Some of the staunchest allies of the bill were environmental groups and organizations that supported immigrant and Latino interests. The latter two demographics are heavily represented in the state’s three groundwater management areas and tend to be the most affected by the pollution.

One of the groups that testified in favor of the bill was Oregon Rural Action, a La Grande group that has advocated on behalf of Lower Umatilla Basin well users for several years.

“I’ve lost track of how many people I have met who have cancer or lost a loved one they never even got to meet because of miscarriage,” Oregon Rural Action organizer Kaleb Lay said. “The human cost of this is catastrophic.”

While the group supports the bill for now, Lay said it’s conditional on it not getting watered down further in the legislative process.
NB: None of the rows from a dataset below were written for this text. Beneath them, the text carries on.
Theorem theorem1
  (thl thh c alpha qbar qhat : R) (P : R -> R)
  (Hth : 0 < thl < thh)
  (Hc : 0 < c)
  (Halpha : 0 <= alpha < 1)
  (Hqbar : 0 < qbar)
  (HPnonneg : forall x, 0 <= x -> 0 <= P x)
  (HPcont : forall x, 0 <= x ->
     filterlim P (within (fun y => 0 <= y) (locally x)) (locally (P x)))
  (HPdec : forall x y, 0 <= x -> x < y -> y <= qbar -> P y < P x)
  (HPqbar : P qbar = 0)
  (HA2 : exists qm, 0 < qm < qbar /\ P qm = thh /\ TS P c thh qm > 0)
  (Hqhat : is_quantity_floor P c qhat) :
  forall r q u : R -> R,
    IC_IR thl thh qbar r q u ->
    ~ floor_randomized thl thh qbar qhat r q u ->
    exists r' q' u' : R -> R,
      floor_randomized thl thh qbar qhat r' q' u' /\
      dominates P c alpha thl thh qbar r' q' u' r q u.
Proof.
  intros r q u Hmech Hnot.
  assert (Hqhat_qbar : 0 < qhat <= qbar).
  { destruct HA2 as [qm [Hqm [HPqm HTS]]].
    assert (c < consumer_surplus P qm).
    { unfold TS in HTS. destruct (Rle_dec qm 0); [lra|].
      unfold consumer_surplus. rewrite HPqm. lra. }
    pose proof (quantity_floor_lt P HPcont c qhat qm Hc Hqhat (proj1 Hqm)).
    destruct Hqhat as [? _]. lra. }
  assert (Hfloor : consumer_surplus P qhat = c) by apply Hqhat.
  set (x th := q th * r th).
  assert (Hnorm : floor_normalization thl thh qhat r q u
            (fun th => floor_prob qhat (x th)) (fun th => floor_quantity qhat (x th))
            (fun th => u th - u thh)) by easy.
  exists (fun th => floor_prob qhat (x th)), (fun th => floor_quantity qhat (x th)),
    (fun th => u th - u thh).
  assert (Hnew := floor_normalization_floor_randomized thl thh qbar qhat r q u
                    ltac:(lra) Hqhat_qbar Hmech _ _ _ Hnorm).
  split; [exact Hnew|]. split; [apply Hnew|]. split; [exact Hmech|]. split.
  - intros th Hin. apply Rle_ge.
    apply (floor_normalization_RS_ge P c alpha thl thh qbar qhat r q u); (assumption || lra).
  - apply (floor_normalization_RS_gt P c alpha thl thh qbar qhat r q u); (assumption || lra).
Qed.
(* Each factor 1 - p^(2i+2) of (p^2;p^2)_n is a factor either of (p;p)_n or,
   up to a unit, of (p^-2n;p)_n. *)
Lemma qpoch_sq_neq0 p n : p != 0 -> qpoch p p n != 0 -> qpoch (p ^- (2 * n)) p n != 0 ->
  qpoch (p ^+ 2) (p ^+ 2) n != 0.
Proof.
move=> p0 h1 h2; apply/prodf_neq0 => i _.
have lt_in := ltn_ord i; move: (nat_of_ord i) lt_in => {}i lt_in.
rewrite -exprM -exprD addnC.
case: (leqP (2 * i + 2) n) => hi.
  have := qpoch_factor_neq0 (i := (2 * i + 1)%N) _ h1; rewrite -exprS -addnS.
  by apply; lia.
set l := (2 * n - (2 * i + 2))%N.
have lt_ln : (l < n)%N by rewrite /l; lia.
have := qpoch_factor_neq0 lt_ln h2; rewrite (_ : 2 * n = l + (2 * i + 2))%N; last by lia.
rewrite exprD; apply: contra => /eqP h.
have -> : p ^+ (2 * i + 2) = 1 by apply/eqP; rewrite -subr_eq0 -opprB h oppr0.
by rewrite mulr1 mulVf ?subrr // expf_neq0.
Qed.

Lemma qpochN_mulV p n k :
  qpoch (p ^- n) p k * qpoch (- p ^- n) p k = qpoch (p ^- (2 * n)) (p ^+ 2) k.
Proof. by rewrite qpochN_mul exprVn exprAC -exprM. Qed.

Lemma qpoch_rev c p m : c != 0 -> p != 0 ->
  qpoch (c * p ^- m) p m = (- c) ^+ m * (p ^+ 'C(m.+1, 2))^-1 * qpoch (c^-1 * p) p m.
Proof.
move=> c0 p0; elim: m => [|m IH].
  by rewrite !qpoch0 expr0 bin_small // expr0 invr1 !mulr1.
have pm : p ^+ m != 0 by rewrite expf_neq0.
have pB : p ^+ 'C(m.+1, 2) != 0 by rewrite expf_neq0.
rewrite qpochSl (_ : c * p ^- m.+1 * p = c * p ^- m); last first.
  by rewrite exprS; field; rewrite pm p0.
rewrite IH qpochS (binS m.+1 1) bin1 exprD (exprS (- c)) (exprS p m).
move: (p ^+ 'C(m.+1, 2)) pB => B pB.
by field; rewrite c0 pm p0 pB.
Qed.

End QPochhammerField.

Section ZCoef.
Variables (F : fieldType) (q A : F).
Hypothesis q0 : q != 0.

Definition zfactor_hi m k := q * (q ^+ m) ^+ 2 / q ^+ k.

Definition zfactor_lo m k :=
  (1 - q * (q ^+ m) ^+ 2 / q ^+ k) * (1 - q ^+ 3 * (q ^+ m) ^+ 2 * q ^+ k * A).

Definition zcoef k j := q ^+ 'C(k.+1, 2) * qpoch (q ^+ (2 * k + 3) * A) (q ^+ 2) j
  * qpoch (q ^+ k.+1) q (2 * j) / qpoch (q ^+ 2) (q ^+ 2) j.

Lemma zcoefSS i j : 1 - q ^+ 2 * (q ^+ 2) ^+ j != 0 -> qpoch (q ^+ 2) (q ^+ 2) j != 0 ->
  zcoef i.+1 j.+1 = zcoef i.+1 j * zfactor_lo (i.+1 + j)%N i.+1
                    + zcoef i j.+1 * zfactor_hi (i.+1 + j)%N i.
Proof.
move=> h1 h2.
have qi : q ^+ i != 0 by rewrite expf_neq0.
rewrite /zcoef /zfactor_lo /zfactor_hi.
rewrite [in LHS](@qpochS _ (q ^+ 2)) [in LHS](@qpochS _ (q ^+ (2 * i.+1 + 3) * A)).
rewrite [in X in _ = _ + X](@qpochS _ (q ^+ 2)) [in X in _ = _ + X]qpochSl.
have -> : (2 * j.+1 = (2 * j).+2)%N by lia.
rewrite ![in LHS](@qpochS _ (q ^+ i.+2)).
rewrite [in X in _ = _ + X](@qpochSl _ (q ^+ i.+1)).
rewrite [in X in _ = _ + X](@qpochS _ (q ^+ i.+1 * q)).
have -> : q ^+ (2 * i + 3) * A * q ^+ 2 = q ^+ (2 * i.+1 + 3) * A.
  by rewrite -mulrA (mulrC A) mulrA -exprD; congr (_ ^+ _ * _); lia.
rewrite -exprSr (binS i.+1 1) bin1 !exprD (exprS q (2 * j)) !exprMC !(exprAC q 2 j) !(exprS q i.+1) !(exprS q i).
rewrite (exprAC q 2 j) in h1.
by field; rewrite qi q0 exprMn h1 h2.
Qed.

Lemma zcoef0S m : qpoch (q ^+ 2) (q ^+ 2) m.+1 != 0 ->
  zcoef 0 m.+1 = zcoef 0 m * zfactor_lo m 0.
Proof.
rewrite qpochS mulf_eq0 negb_or => /andP [hG h1].
rewrite /zcoef /zfactor_lo (@qpochS _ (q ^+ (2 * 0 + 3) * A)) (@qpochS _ (q ^+ 2)).
have -> : (2 * m.+1 = (2 * m).+2)%N by lia.
rewrite !(@qpochS _ (q ^+ 1)) !exprMC (exprS q (2 * m)) exprMC !(exprAC q 2 m).
rewrite (exprAC q 2 m) in h1.
by field; rewrite oner_neq0 hG exprMn h1.
Qed.
Record Grp := {
  gcar :> Type;
  gmul : gcar -> gcar -> gcar;
  ginv : gcar -> gcar;
  gone : gcar;
  gmulA : forall a b c, gmul a (gmul b c) = gmul (gmul a b) c;
  gmul1l : forall a, gmul gone a = a;
  gmul1r : forall a, gmul a gone = a;
  gmulVl : forall a, gmul (ginv a) a = gone;
  gmulVr : forall a, gmul a (ginv a) = gone
}.

Definition cocycle (G : Grp) (s : G -> G -> C) : Prop :=
  (forall g h, Cmod (s g h) = 1) /\
  (forall g h k, Cmult (s g h) (s (gmul G g h) k) = Cmult (s h k) (s g (gmul G h k))) /\
  (forall g, s g (gone G) = RtoC 1) /\
  (forall g, s (gone G) g = RtoC 1).

(* vectors are functions G -> C; operators are maps on them; only their
   action on l^2(G) matters *)
Definition vec (G : Grp) := G -> C.
Definition op (G : Grp) := vec G -> vec G.

Definition sumC {A} (l : list A) (f : A -> C) : C :=
  fold_right (fun a acc => Cplus (f a) acc) (RtoC 0) l.
Definition sumR {A} (l : list A) (f : A -> R) : R :=
  fold_right (fun a acc => f a + acc) 0 l.

Definition l2bounded {G : Grp} (xi : vec G) (B : R) : Prop :=
  forall l : list G, NoDup l -> sumR l (fun g => (Cmod (xi g))^2) <= B.

Definition opnorm_le {G : Grp} (T : op G) (c : R) : Prop :=
  0 <= c /\ forall (xi : vec G) (B : R), l2bounded xi B -> l2bounded (T xi) (c^2 * B).

Definition opsub {G : Grp} (T S : op G) : op G := fun xi h => Cminus (T xi h) (S xi h).

Definition opdist_lt {G : Grp} (T S : op G) (eps : R) : Prop :=
  exists c, c < eps /\ opnorm_le (opsub T S) c.

Definition Lam (G : Grp) (s : G -> G -> C) (g : G) : op G :=
  fun xi h => Cmult (s g (gmul G (ginv G g) h)) (xi (gmul G (ginv G g) h)).
(* Let $f,g\in\mathrm{Diffeo}^-(\mathbb{R})$ with $f(0)=g(0)=0$ and $f\circ f=g\circ g$. Suppose $(T_0f)\circ(T_0f)\neq X$. Then $T_0f=T_0g$, and $f$ is conjugate to $g$ by an element of $\mathrm{Diffeo}^+(\mathbb{R})$, i.e. $f=h^{-1}\circ g\circ h$ for some $h\in\mathrm{Diffeo}^+(\mathbb{R})$.
   Context: $\mathrm{Diffeo}(\mathbb{R})$ is the group of $C^\infty$ diffeomorphisms of $\mathbb{R}$ under composition; $\mathrm{Diffeo}^+(\mathbb{R})$ (resp. $\mathrm{Diffeo}^-(\mathbb{R})$) is the set of orientation-preserving (resp. orientation-reversing) diffeomorphisms. For a diffeomorphism $\phi$ with $\phi(0)=0$, $T_0\phi=\phi'(0)X+\frac{\phi''(0)}{2}X^2+\cdots$ is its Taylor series at $0$, viewed as a formal power series under formal composition; $X$ denotes the identity series. *)

From Stdlib Require Import Reals Factorial.
From Coquelicot Require Import Coquelicot.
Open Scope R_scope.

Definition smooth (f : R -> R) : Prop :=
  forall (n : nat) (x : R), ex_derive_n f n x.

Definition is_diffeo (f : R -> R) : Prop :=
  smooth f /\ exists g : R -> R, smooth g /\
    (forall x, g (f x) = x) /\ (forall x, f (g x) = x).

Definition is_diffeo_plus (f : R -> R) : Prop :=
  is_diffeo f /\ (forall x y, x < y -> f x < f y).

Definition is_diffeo_minus (f : R -> R) : Prop :=
  is_diffeo f /\ (forall x y, x < y -> f y < f x).

Definition fps := nat -> R.

Definition taylor0 (phi : R -> R) : fps :=
  fun n => Derive_n phi n 0 / INR (fact n).
(* With [s := c (4Q)^-u] and [ln L <= L^e / e], every term is [Q] to a power at
   most [(n - v) / 2]. *)
Lemma measure_bound_le_powR (R : realType) (n : nat) (Q v u e c B : R) :
  1 < Q -> n%:R < v -> 0 < u -> 0 < e -> 0 < c -> 0 <= B ->
  u - v + (u + 1) * e <= (n%:R - v) / 2 ->
  4 * Q `^ (- v) * (5 * Q) ^+ n + 24 / (c * (4 * Q) `^ (- u)) * Q `^ (- v) *
    (1 + ln ((Num.truncn (B * (2 * Q) / (c * (4 * Q) `^ (- u)))).+1)%:R)
  <= (4 * 5 ^+ n + 24 * (4 `^ u / c) * (1 + (2 * B * 4 `^ u / c + 1) `^ e / e))
     * Q `^ ((n%:R - v) / 2).
Proof.
move=> Q1 nv u0 e0 c0 B0 expo.
set X := Q `^ ((n%:R - v) / 2); set s := c * (4 * Q) `^ (- u).
set L := Num.truncn (B * (2 * Q) / s); set D := 2 * B * 4 `^ u / c + 1.
have Q0 : 0 < Q by lra.
have powD x y : Q `^ x * Q `^ y = Q `^ (x + y).
  by rewrite powRD // (gt_eqF Q0) implybT.
have le_X x : x <= (n%:R - v) / 2 -> Q `^ x <= X.
  by move=> xle; apply: ler_powR => //; exact: ltW.
have invs : s^-1 = 4 `^ u / c * Q `^ u.
  rewrite /s powRN powRM ?(ltW Q0) //.
  by field; rewrite !gt_eqF ?powR_gt0.
have s0 : 0 < s by rewrite /s mulr_gt0 // powR_gt0 // mulr_gt0.
have W0 : 0 <= 4 `^ u / c by rewrite divr_ge0 ?powR_ge0 ?ltW.
have D1 : 1 <= D by rewrite /D lerDr divr_ge0 ?mulr_ge0 ?powR_ge0 // ltW.
have L1 : (L.+1)%:R <= D * Q `^ (u + 1).
  have QL : (L%:R : R) <= (D - 1) * Q `^ (u + 1).
    have -> : (D - 1) * Q `^ (u + 1) = B * (2 * Q) / s.
      by rewrite -[_ / s]/(_ * s^-1) invs /D -powD powRr1 ?(ltW Q0) //; ring.
    by rewrite /L truncn_le divr_ge0 ?(ltW s0) // !mulr_ge0 // ltW.
  have Qu1 : 1 <= Q `^ (u + 1).
    by rewrite -[leLHS](powRr0 Q); apply: ler_powR; [exact: ltW | lra].
  have -> : D * Q `^ (u + 1) = (D - 1) * Q `^ (u + 1) + Q `^ (u + 1) by ring.
  by rewrite -natr1 lerD.
have lnL : ln (L.+1)%:R <= D `^ e / e * Q `^ ((u + 1) * e).
  apply: le_trans (ln_le_powR_div (ltr0Sn _ _) e0) _.
  rewrite mulrAC ler_pM2r ?invr_gt0 // powRrM -powRM ?powR_ge0 ?(le_trans ler01) //.
  by apply: ge0_ler_powR; rewrite ?nnegrE ?mulr_ge0 ?powR_ge0 ?(ltW e0) ?(le_trans ler01 D1).
have term1 : Q `^ (- v) * (5 * Q) ^+ n <= 5 ^+ n * X.
  rewrite exprMn mulrCA ler_wpM2l ?exprn_ge0 // -powR_mulrn ?(ltW Q0) // powD.
  by apply: le_X; lra.
have term2 : Q `^ (- v) * Q `^ u <= X by rewrite powD le_X //; nra.
have term3 : Q `^ (- v) * Q `^ u * Q `^ ((u + 1) * e) <= X.
  by rewrite !powD le_X //; lra.
have -> : 24 / s * Q `^ (- v) * (1 + ln (L.+1)%:R) = 24 * (4 `^ u / c) *
    (Q `^ (- v) * Q `^ u + Q `^ (- v) * Q `^ u * ln (L.+1)%:R).
  by rewrite -[24 / s]/(24 * s^-1) invs; ring.
have lnterm : Q `^ (- v) * Q `^ u * ln (L.+1)%:R <= D `^ e / e * X.
  apply: le_trans (ler_wpM2l (mulr_ge0 (powR_ge0 _ _) (powR_ge0 _ _)) lnL) _.
  by rewrite mulrCA ler_wpM2l ?divr_ge0 ?powR_ge0 ?(ltW e0) // mulrA.
rewrite [(_ + _) * X]mulrDl; apply: lerD.
  by rewrite -mulrA -[4 * 5 ^+ n * X]mulrA ler_wpM2l.
rewrite -[X in _ <= X]mulrA; apply: ler_wpM2l; first by rewrite mulr_ge0.
by rewrite [(1 + _) * X]mulrDl mul1r lerD.
Qed.

Lemma exponent_choice (R : realType) (n : nat) (v : R) : n%:R < v ->
  exists u e : R, [/\ n%:R < u, 0 < e & u - v + (u + 1) * e <= (n%:R - v) / 2].
Proof.
move=> nv; set g := v - n%:R; have g0 : 0 < g by rewrite subr_gt0.
set u := n%:R + g / 4; have u0 : 0 < u + 1 by rewrite addr_gt0 ?ltr_wpDl ?divr_gt0.
exists u, (g / (4 * (u + 1))); split; first by rewrite ltrDl divr_gt0.
  by rewrite divr_gt0 // mulr_gt0.
have -> : (u + 1) * (g / (4 * (u + 1))) = g / 4 by field; rewrite gt_eqF.
by rewrite /u /g; lra.
Qed.

Theorem lemma4p8 (R : realType) (n : nat) (b : 'rV[R]_(n.-1)) (v : R) :
  (2 <= n)%N -> ~ @W_plus R n b -> n%:R < v ->
  exists C : R, 0 < C /\
    forall Q : R, 1 < Q ->
      (lebesgue_measure (A_set b v Q) < (C * Q `^ ((n%:R - v) / 2))%:E)%E.
Proof.
case: n b => [|m] b // _ notW nv.
have [u [e [mu e0 expo]]] := exponent_choice nv.
have u0 : 0 < u by apply: le_lt_trans mu.
have : finite_set (good_approx b u) by apply: contrapT => inf; apply: notW; exists u.
move=> /(btq_lower_bound (ltW u0)) [c c0 hc].
have B0 : 0 <= \sum_i `|btilde b i| by exact: sumr_ge0.
set C := 4 * 5 ^+ m.+1 + 24 * (4 `^ u / c) *
  (1 + (2 * (\sum_i `|btilde b i|) * 4 `^ u / c + 1) `^ e / e).
have C0 : 0 <= C.
  have W0 : 0 <= 4 `^ u / c by rewrite divr_ge0 ?powR_ge0 // ltW.
  have D0 : 0 <= (2 * (\sum_i `|btilde b i|) * 4 `^ u / c + 1) `^ e / e.
    by rewrite divr_ge0 ?powR_ge0 // ltW.
  by apply: addr_ge0; apply: mulr_ge0 => //; [exact: mulr_ge0 | exact: addr_ge0].
exists (C + 1); split => [|Q Q1]; first by rewrite ltr_pwDr.
have s0 : 0 < c * (4 * Q) `^ (- u) by rewrite mulr_gt0 ?powR_gt0 ?mulr_gt0 //; lra.
have sep := btq_separated (Q := Q) c0 (ltW u0) hc.
apply: le_lt_trans (lebesgue_measure_A_set_le _ (ltW Q1) s0 sep) _.
  exact: ltW (le_lt_trans (ler0n _ _) nv).
rewrite lte_fin; apply: le_lt_trans (measure_bound_le_powR Q1 nv u0 e0 c0 B0 expo) _.
by rewrite ltr_pM2r ?powR_gt0 ?ltrDl //; lra.
Qed.
Lemma ideal_gen_sum G (I : finType) (F : I -> R) :
  (forall i, ideal_gen G (F i)) -> ideal_gen G (\sum_i F i).
Proof. by move=> GF; apply: big_ind => //; [apply: ideal_in_0 | apply: ideal_gen_add]. Qed.

Lemma ideal_gen_mul_sub G H d z :
  (forall h, H h -> ideal_gen G (d * h)) -> ideal_gen H z -> ideal_gen G (d * z).
Proof.
move=> GdH; elim=> [h /GdH //| | a b _ ha _ hb | c a _ _ ha].
- by rewrite mulr0; apply: ideal_in_0.
- by rewrite mulrDr; apply: ideal_gen_add.
- by rewrite mulrCA; apply: ideal_gen_mul.
Qed.

End IdealGen.

Local Notation "x %:F" := (@FracField.tofrac _ x) : ring_scope.

Section Localization.
Variables (R : idomainType) (d : R).
Implicit Types (G : R -> Prop) (y : R).

Lemma loc_ideal_tofrac G y : ideal_gen G y -> loc_ideal d G y%:F.
Proof.
elim=> [g Gg | | a b _ ha _ hb | c a _ _ ha].
- by apply: ideal_in_gen; exists g.
- by rewrite tofrac0; apply: ideal_in_0.
- by rewrite tofracD; apply: ideal_in_add.
- rewrite tofracM; apply: ideal_in_mul => //.
  by exists c, 0%N; rewrite expr0 tofrac1 divr1.
Qed.

Lemma loc_ideal_tofrac_mull G y :
  d != 0 -> ideal_gen G (d * y) -> loc_ideal d G y%:F.
Proof.
move=> d_neq0 /loc_ideal_tofrac Gdy.
have -> : y%:F = 1%:F / (d ^+ 1)%:F * (d * y)%:F.
  by rewrite tofracM mulrA expr1 mul1r mulVf ?mul1r ?tofrac_eq0.
by apply: ideal_in_mul => //; exists 1, 1%N.
Qed.

End Localization.

Lemma mul_form_cross_split (R : comNzRingType) (I : finType) (v x D : I -> R) d y :
  d * \sum_b v b * x b = \sum_b v b * (d * x b - D b * y) + y * \sum_b v b * D b.
Proof.
rewrite !mulr_sumr -big_split; apply: eq_bigr => b _ /=; ring.
Qed.

Section BorderedMinors.
Variables (R : comNzRingType) (N m : nat) (P : 'M[R]_(N, m.+1)) (sel : 'I_m -> 'I_N).
Local Notation D := (Delta P sel).

Definition border_mx (v : 'I_m.+1 -> R) : 'M[R]_m.+1 :=
  \matrix_(a, b) if unlift ord_max a is Some a' then P (sel a') b else v b.

Lemma border_mx_lift v a b : border_mx v (lift ord_max a) b = P (sel a) b.
Proof. by rewrite mxE liftK. Qed.

Lemma border_mx_max v b : border_mx v ord_max b = v b.
Proof. by rewrite mxE unlift_none. Qed.

Lemma cofactor_border_mx v l : cofactor (border_mx v) ord_max l = (-1) ^+ m.+1 * D l.
Proof.
rewrite /cofactor /Delta mulrA -exprD addSn addnS !exprS !mulN1r opprK.
by congr (_ * \det _); apply/matrixP => a b; rewrite !mxE liftK.
Qed.

Lemma det_border_mx v : \det (border_mx v) = (-1) ^+ m.+1 * \sum_l v l * D l.
Proof.
rewrite (expand_det_row _ ord_max) mulr_sumr; apply: eq_bigr => l _.
by rewrite cofactor_border_mx border_mx_max mulrCA.
Qed.

Lemma sum_Delta_sel_row a : \sum_l P (sel a) l * D l = 0.
Proof.
rewrite -[LHS](signrMK m.+1) -det_border_mx.
rewrite (@determinant_alternate _ _ _ (lift ord_max a) ord_max) ?mulr0 //.
  by rewrite eq_sym neq_lift.
by move=> b; rewrite border_mx_lift border_mx_max.
Qed.

Definition max_minors : R -> Prop :=
  fun p => exists2 s : 'I_m.+1 -> 'I_N, injective s & p = \det (\matrix_(a, b) P (s a) b).

Lemma sum_Delta_row_max_minors j : ideal_gen max_minors (\sum_l P j l * D l).
Proof.
rewrite -[X in ideal_gen _ X](signrMK m.+1) -det_border_mx; apply: ideal_gen_mul.
pose s a := if unlift ord_max a is Some a' then sel a' else j.
have -> : border_mx (P j) = \matrix_(a, b) P (s a) b.
  by apply/matrixP => a b; rewrite !mxE /s; case: unlift.
have [s_inj | /injectivePn [a1 [a2 a12 s12]]] := boolP (injectiveb s).
  by apply: ideal_in_gen; exists s => //; apply/injectiveP.
rewrite (determinant_alternate a12); first exact: ideal_in_0.
by move=> b; rewrite !mxE s12.
Qed.

Variable x : 'I_m.+1 -> R.

Definition sel_forms : R -> Prop := fun p => exists a : 'I_m, p = \sum_b P (sel a) b * x b.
While Oregon Rural Action has hosted Kotek on tours of the Lower Umatilla Basin, they’ve also found themselves at odds with her. The group previously criticized Kotek’s decision to allow the Port of Morrow to dump nitrate-rich wastewater on agricultural fields in January.

“We’ve seen Gov. Kotek bow to pressure from big industry and polluters over and over again,” Lay said. “We’re concerned that that could happen here again, and (we) really hope that it doesn’t.”

Even if the bill remains mostly unchanged once it reaches Kotek’s desk, Lay said there are still some areas of concern. While the bill does give the state department of agriculture the ability to more aggressively regulate polluters, Lay said it could perpetuate “industry capture,” the idea that regulators get too close to the industry they monitor and act in its interest rather than the public’s.

The governor’s office argued that the bill addresses this by more clearly assigning responsibilities to specific state agencies. If the public was unhappy with the direction of the rules or how the state was enforcing them, the rulemaking process and advisory committees would handle feedback.

“Senate Bill 1154 will make the state more accountable to local communities – in this administration and in future administrations,” said Anca Matica, a spokeswoman for the governor’s office.

None of Kotek’s ambitions can come to fruition without approval from the Legislature first. After the public hearing in April, the bill was sent to the Rules Committee, where bills can sometimes languish. That committee has yet to schedule a date to discuss the legislation further.